> [EXERCISE DESCRIPTION] All that should come back is the lines of the data below from the one containing "<<row_mx (1%:M : 'M[F]_3)" to the one containing "cross-product matrix [s]x", inclusive, exactly as they stand.

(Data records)
◆ ◆ ◆ ◆ ◆
(* Let $q$ be a prime power and use the setting of the context. Then $\mathcal C=\bigcup_{i=0}^{q^2+q}\mathcal G_i$ is a $(6,(q^3-1)(q^2+q+1),4;3)_q$ constant-dimension subspace code; that is, it consists of $(q^3-1)(q^2+q+1)$ planes of ${\rm PG}(5,q)$, any two distinct of which meet in at most one point.
   Context: In ${\rm PG}(5,q)$ points are row vectors ${\bf X}=(X_1,\dots,X_6)$; write $X=(X_1,X_2,X_3)$, $Y=(X_4,X_5,X_6)$. Let $\pi_1$ be the plane $X_1=X_2=X_3=0$ and $\pi_2$ the plane $X_4=X_5=X_6=0$. Let $A$ be a Singer cycle of ${\rm GL}(3,q)$, i.e. a $3\times3$ matrix over ${\rm GF}(q)$ of multiplicative order $q^3-1$. For $0\le i\le q^2+q$ let $\mathcal Q_i$ be the quadric of ${\rm PG}(5,q)$ with quadratic form ${\bf Q}_i({\bf X})=XA^iY^T$; each $\mathcal Q_i$ is a non-degenerate hyperbolic quadric $\mathcal Q^+(5,q)$ containing $\pi_1$ and $\pi_2$, and the $\mathcal Q_i$ are pairwise distinct. The planes on $\mathcal Q^+(5,q)$ fall into two classes of size $(q+1)(q^2+1)$ (two planes of the same class meet in exactly one point; planes of different classes are disjoint or meet in a line); since $\pi_1\cap\pi_2=\emptyset$, $\pi_1$ and $\pi_2$ lie in different classes. Let $\mathcal G_i$ be the set of the $q^3-1$ planes of $\mathcal Q_i$ belonging to the same class as $\pi_1$, distinct from $\pi_1$ and disjoint from $\pi_2$. An $(n,M,4;3)_q$ constant-dimension code is a set of $M$ planes of ${\rm PG}(n-1,q)$ pairwise meeting in at most a point. *)

From HB Require Import structures.
From mathcomp Require Import all_boot all_order all_algebra all_fingroup all_field.
Set Implicit Arguments. Unset Strict Implicit. Unset Printing Implicit Defensive.
Import GRing.Theory.
Local Open Scope ring_scope.

(* Points of PG(5,q) = nonzero row vectors of F^(3+3); subspaces of F^6 are
   represented canonically by their generating matrix <<M>>%MS (square 6x6),
   so that two subspaces are equal iff their canonical matrices are equal.
   A plane of PG(5,q) is a 3-dimensional vector subspace. *)

Definition singer_cycle (F : finFieldType) (A : 'M[F]_3) : Prop :=
  A ^+ (#|F| ^ 3 - 1) = 1 /\
  forall k : nat, (0 < k)%N -> (k < #|F| ^ 3 - 1)%N -> A ^+ k != 1.

Definition qform (F : finFieldType) (A : 'M[F]_3) (i : nat)
  (v : 'rV[F]_(3 + 3)) : F :=
  (lsubmx v *m A ^+ i *m (rsubmx v)^T) 0 0.

Definition is_subspace (F : finFieldType) (U : 'M[F]_(3 + 3)) : bool :=
  U == <<U>>%MS.

Definition is_plane (F : finFieldType) (U : 'M[F]_(3 + 3)) : bool :=
  is_subspace U && (\rank U == 3)%N.

(* pi_1 : X_1 = X_2 = X_3 = 0 ;  pi_2 : X_4 = X_5 = X_6 = 0 *)
Definition pi1 (F : finFieldType) : 'M[F]_(3 + 3) :=
  <<row_mx (0 : 'M[F]_3) (1%:M : 'M[F]_3)>>%MS.
Definition pi2 (F : finFieldType) : 'M[F]_(3 + 3) :=
  <<row_mx (1%:M : 'M[F]_3) (0 : 'M[F]_3)>>%MS.

Definition on_quadric (F : finFieldType) (A : 'M[F]_3) (i : nat)
  (U : 'M[F]_(3 + 3)) : bool :=
  [forall v : 'rV[F]_(3 + 3), (v <= U)%MS ==> (qform A i v == 0)].

(* Two planes of Q^+(5,q) are in the same class iff their intersection has
   odd (vector) dimension, i.e. they meet in a point or coincide. *)
Definition same_class (F : finFieldType) (U V : 'M[F]_(3 + 3)) : bool :=
  odd (\rank (U :&: V)%MS).

Definition G (F : finFieldType) (A : 'M[F]_3) (i : nat) : {set 'M[F]_(3 + 3)} :=
  [set U : 'M[F]_(3 + 3) | [&& is_plane U, on_quadric A i U,
     same_class U (pi1 F), U != pi1 F & \rank (U :&: pi2 F)%MS == 0%N]].

Definition code (F : finFieldType) (A : 'M[F]_3) : {set 'M[F]_(3 + 3)} :=
  \bigcup_(i < #|F| ^ 2 + #|F| + 1) G A i.

(* A plane disjoint from pi_2 is the graph {(Y M, Y)} of a unique 3x3 matrix M,
   and the graphs of M and M' meet in dimension 3 - rank (M - M').  The graph
   of M lies on Q_i iff M A^i is alternating, i.e. M = [s]x A^-i for the
   cross-product matrix [s]x of some s; it differs from pi_1 iff s != 0, and
   then it meets pi_1 in a point.  So C is parametrised by the pairs (i, s)
   with s != 0, and it remains to show rank ([s]x A^-i - [t]x A^-j) >= 2 for
   distinct pairs.  For i = j this is rank [s - t]x = 2.  Otherwise, with
   0 < k = j - i < q^2 + q + 1, a kernel W of [s]x A^k - [t]x of dimension
   >= 2 would make x, x (A^k)^T and s dependent for every x in W, which
   forces A^k to have an eigenvalue in F.  But A^k - a lies in F[A], whose
   nonzero elements are the q^3 - 1 powers of A, so it is invertible unless
   A^k = a; and then A^(k (q - 1)) = a^(q - 1) = 1 with
   0 < k (q - 1) < q^3 - 1. *)

From HB Require Import structures.
From mathcomp Require Import all_boot all_order all_algebra all_fingroup all_field.
From mathcomp Require Import ring zify.
Import GRing.Theory.
Set Implicit Arguments. Unset Strict Implicit.
Local Open Scope ring_scope.

Section AlternatingForms.
Variables (F : fieldType) (n : nat) (S : 'M[F]_n).

Local Notation form x y := ((x *m S *m y^T) 0 0).
Local Notation e i := (delta_mx 0 i : 'rV[F]_n).

Lemma form_delta i j : form (e i) (e j) = S i j.
Proof. by rewrite -rowE trmx_delta -colE !mxE. Qed.

Lemma formDD (x y : 'rV[F]_n) :
  form (x + y) (x + y) = form x x + form x y + form y x + form y y.
Proof. by rewrite linearD /= !mulmxDl !mulmxDr !mxE !addrA. Qed.

Hypothesis S_alt : forall x : 'rV[F]_n, form x x = 0.

Lemma alternating_diag i : S i i = 0.
Proof. by rewrite -form_delta S_alt. Qed.

Lemma alternating_skew i j : S j i = - S i j.
Proof.
have /eqP := S_alt (e i + e j).
by rewrite formDD !S_alt addr0 add0r !form_delta addrC addr_eq0 => /eqP.
Qed.

End AlternatingForms.

Lemma rank_le1_minor (F : fieldType) m n (X : 'M[F]_(m, n)) i1 i2 j1 j2 :
  (\rank X <= 1)%N -> X i1 j1 * X i2 j2 = X i1 j2 * X i2 j1.
Proof.
move=> rX; pose f (a : 'I_2) := if a == 0 then i1 else i2.
pose g (b : 'I_2) := if b == 0 then j1 else j2.
have rY : (\rank (mxsub f g X) <= 1)%N.
  have -> : mxsub f g X = rowsub f 1%:M *m X *m colsub g 1%:M.
    by rewrite mul_rowsub_mx mul1mx mulmx_colsub mulmx1; apply/matrixP => a b; rewrite !mxE.
  by rewrite (leq_trans (mxrankM_maxl _ _)) // (leq_trans (mxrankM_maxr _ _)).
have : \det (mxsub f g X) = 0.
  apply/eqP; apply: contraLR rY; rewrite -unitfE -unitmxE -row_free_unit.
  by rewrite /row_free => /eqP ->.
rewrite (expand_det_row _ 0) !big_ord_recl big_ord0 /cofactor !det_mx11 !mxE /=.
rewrite /f /g /bump /= => det0; apply/eqP; rewrite -subr_eq0 -det0; apply/eqP; ring.
Qed.

Lemma rank_addsmx_notin (F : fieldType) m n (V : 'M[F]_(m, n)) (w : 'rV[F]_n) :
  ~~ (w <= V)%MS -> (\rank V < \rank (V + w)%MS)%N.
Proof. by move=> nwV; apply: rank_ltmx; rewrite ltmxE addsmxSl addsmx_sub submx_refl. Qed.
◆ ◆ ◆ ◆ ◆
> [TASK RESULT]
  <<row_mx (1%:M : 'M[F]_3) (0 : 'M[F]_3)>>%MS.

Definition on_quadric (F : finFieldType) (A : 'M[F]_3) (i : nat)
  (U : 'M[F]_(3 + 3)) : bool :=
  [forall v : 'rV[F]_(3 + 3), (v <= U)%MS ==> (qform A i v == 0)].

(* Two planes of Q^+(5,q) are in the same class iff their intersection has
   odd (vector) dimension, i.e. they meet in a point or coincide. *)
Definition same_class (F : finFieldType) (U V : 'M[F]_(3 + 3)) : bool :=
  odd (\rank (U :&: V)%MS).

Definition G (F : finFieldType) (A : 'M[F]_3) (i : nat) : {set 'M[F]_(3 + 3)} :=
  [set U : 'M[F]_(3 + 3) | [&& is_plane U, on_quadric A i U,
     same_class U (pi1 F), U != pi1 F & \rank (U :&: pi2 F)%MS == 0%N]].

Definition code (F : finFieldType) (A : 'M[F]_3) : {set 'M[F]_(3 + 3)} :=
  \bigcup_(i < #|F| ^ 2 + #|F| + 1) G A i.

(* A plane disjoint from pi_2 is the graph {(Y M, Y)} of a unique 3x3 matrix M,
   and the graphs of M and M' meet in dimension 3 - rank (M - M').  The graph
   of M lies on Q_i iff M A^i is alternating, i.e. M = [s]x A^-i for the
   cross-product matrix [s]x of some s; it differs from pi_1 iff s != 0, and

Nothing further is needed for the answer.